[MLton] bug with packed representations
Stephen Weeks
MLton@mlton.org
Fri, 23 Apr 2004 11:30:14 -0700
> The type-theory weenies, typically distinguish between "casting" and
> "coercing", where casting a value to another type is a nop with respect to
> representation, but a coercion may make a representation change. If the
> primop approach doesn't work (I imagine you need a family of primops to do
> this right). I'd suggest introducing a new constructor distinct from "Cast"
> and call it "Coerce".
I agree with Matthew -- our WordX_toWordY primitives handle coercions
nicely. It was simply a bug in the packed representation stuff that
led to the cast problem.
The Rssa and Machine ILs already have subtyping which lets one change
the type of a value in a safe way. For example, the type 0x1:32
(which is a singleton type whose only value is the 32-bit integer 1)
is a subtype of the sum type 0x0:32 + 0x1:32. We use casts to change
the type of a value (not its representation) when the type system
isn't good enough. Here are the casts we do.

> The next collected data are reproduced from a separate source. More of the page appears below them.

Definition interior (P : 'cV[R]_n -> Prop) (x : 'cV[R]_n) : Prop :=
  exists2 r : R, 0 < r &
    forall y : 'cV[R]_n, (forall i, `|y i 0 - x i 0| < r) -> P y.

Definition general_position (M : 'M[R]_n) (T : 'cV[R]_n -> Prop) : Prop :=
  forall b : 'I_n -> 'I_(n + n), compl_basis M b ->
    (exists x, T x /\ ccone M b x) ->
    (exists x, T x /\ interior (ccone M b) x).

Definition column_sufficient (M : 'M[R]_n) : Prop :=
  forall z : 'cV[R]_n, (forall i, z i 0 * (M *m z) i 0 <= 0) ->
    forall i, z i 0 * (M *m z) i 0 = 0.

Definition row_sufficient (M : 'M[R]_n) : Prop := column_sufficient M^T.

Definition sufficient (M : 'M[R]_n) : Prop :=
  column_sufficient M /\ row_sufficient M.

End Defs.

(* Fix a complementary basis B with invertible A_B and put H = A_B^-1.  A point
   x lies in C(B) iff H x >= 0, and in the interior of C(B) as soon as H x > 0.
   For x = Q theta + q + eps(e) the coordinates (H x)_i are perturbed affine
   forms  p_i theta + c_i + g_i eps(e)  in theta whose perturbation rows g_i
   (the rows of H) are linearly independent.  The key lemma
   [eventually_strictly_feasible] shows that for such a system feasibility
   implies strict feasibility for all small e > 0; it is proved by induction
   on the number of rows, eliminating a tight row on its own hyperplane and
   using that a polynomial in e with a nonzero coefficient has no small
   positive roots.  As there are finitely many candidate bases, a common
   delta exists. *)

From HB Require Import structures.
From mathcomp Require Import all_boot all_order all_algebra ring lra.
From Stdlib Require Import FunctionalExtensionality.
Set Implicit Arguments. Unset Strict Implicit. Unset Printing Implicit Defensive.
Import Order.TTheory GRing.Theory Num.Theory.
Local Open Scope ring_scope.

Section SmallEnough.
Variable R : realFieldType.

Definition small_enough (P : R -> Prop) : Prop :=
  exists2 delta : R, 0 < delta & forall t, 0 < t -> t < delta -> P t.

Lemma small_enough_impl (P Q : R -> Prop) :
  (forall t, 0 < t -> P t -> Q t) -> small_enough P -> small_enough Q.
Proof. by move=> PQ [dl dl0 HP]; exists dl => // t t0 tdl; apply/PQ/HP. Qed.

Lemma small_enough_and (P Q : R -> Prop) :
  small_enough P -> small_enough Q -> small_enough (fun t => P t /\ Q t).
Proof.
move=> [d1 d10 H1] [d2 d20 H2]; exists (Order.min d1 d2); first by rewrite lt_min d10.
by move=> t t0; rewrite lt_min => /andP[t1 t2]; split; [exact: H1 | exact: H2].
Qed.
(* Let $\mathcal{G}$ be a finite tree and let $i,j$ be adjacent nodes, with $d_i$ the degree of $i$ in $\mathcal{G}$. Let $\mathcal{G}_i$ be the connected component containing $i$ of the graph obtained from $\mathcal{G}$ by deleting the edge $(i,j)$, with edge set $\mathcal{E}(\mathcal{G}_i)$. Then the access time of the begrudgingly backtracking random walk from $i$ to $j$ is $$\tilde{\mathtt{t}}(i,j)=1+2|\mathcal{E}(\mathcal{G}_i)|\cdot\frac{d_i-1}{d_i}.$$
   Context: Begrudgingly backtracking random walk (BBRW) on $\mathcal{G}$: $x_1$ is uniform on the neighbors of $x_0$; for $n\ge0$, given $x_n=u,x_{n+1}=v$, $x_{n+2}$ is uniform on $\mathcal{N}(v)\setminus\{u\}$ if this set is nonempty, and $x_{n+2}=u$ otherwise. For a node $k$, $T_k=\min\{n\ge0:x_n=k\}$ and the access time is $\tilde{\mathtt{t}}(i,k)=\mathbb{E}[T_k\mid x_0=i]$. *)

From HB Require Import structures.
From mathcomp Require Import all_boot all_order all_algebra.
From mathcomp Require Import boolp classical_sets reals constructive_ereal ereal sequences.
Set Implicit Arguments. Unset Strict Implicit. Unset Printing Implicit Defensive.
Import Order.TTheory GRing.Theory Num.Theory.

Local Open Scope ring_scope.

Section BBRW.
Variables (R : realType) (T : finType) (e : rel T).

Definition simple_graph := symmetric e /\ irreflexive e.

Definition is_tree :=
  (forall x y : T, connect e x y) /\
  (forall c : seq T, uniq c -> (3 <= size c)%N -> ~~ cycle e c).

Definition nbhd (v : T) : {set T} := [set w | e v w].
Definition deg (v : T) : nat := #|nbhd v|.

(* BBRW transition probability: P(x_{n+2} = w | x_n = u, x_{n+1} = v) *)
Definition bb_step (u v w : T) : R :=
  let A := nbhd v :\ u in
  if #|A| == 0%N then (w == u)%:R else (w \in A)%:R / #|A|%:R.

* from a sum type to one of the summands. This is in general unsafe,
but the idea is that the representation pass introduces the casts
only immediately after a test on the tag bits. So, a little local
reasoning can prove them safe, and maybe even someday the type
checker will.
* from an IntInf to a vector or a word. These are unsafe casts that
are used in the implementation of IntInf. We rely on our SML code
in the basis implementation of IntInf to get these correct.
However, the new packed representation pass will now do exactly the
right thing for the type
datatype t = Big of word vector | Small of Int31.int
That is, it will represent IntInf exactly as we do now, with a
single tag bit, where 0 indicates a word vector or 1 indicates a
31-bit int. So, we could conceivably clean up our IntInf
implementation to use this.
* from a sum type to a word so that we can look at the tag bits. This
is safe.
* from an array to a vector. This one is weird because it is
connected with a change of the object's header. All quite unsafe.
We rely on the SML code in the basis library to get this right.
* from a heap pointer to an internal pointer. This is done for array
address computations which are unsafe.
* between words and ints. These should be totally safe.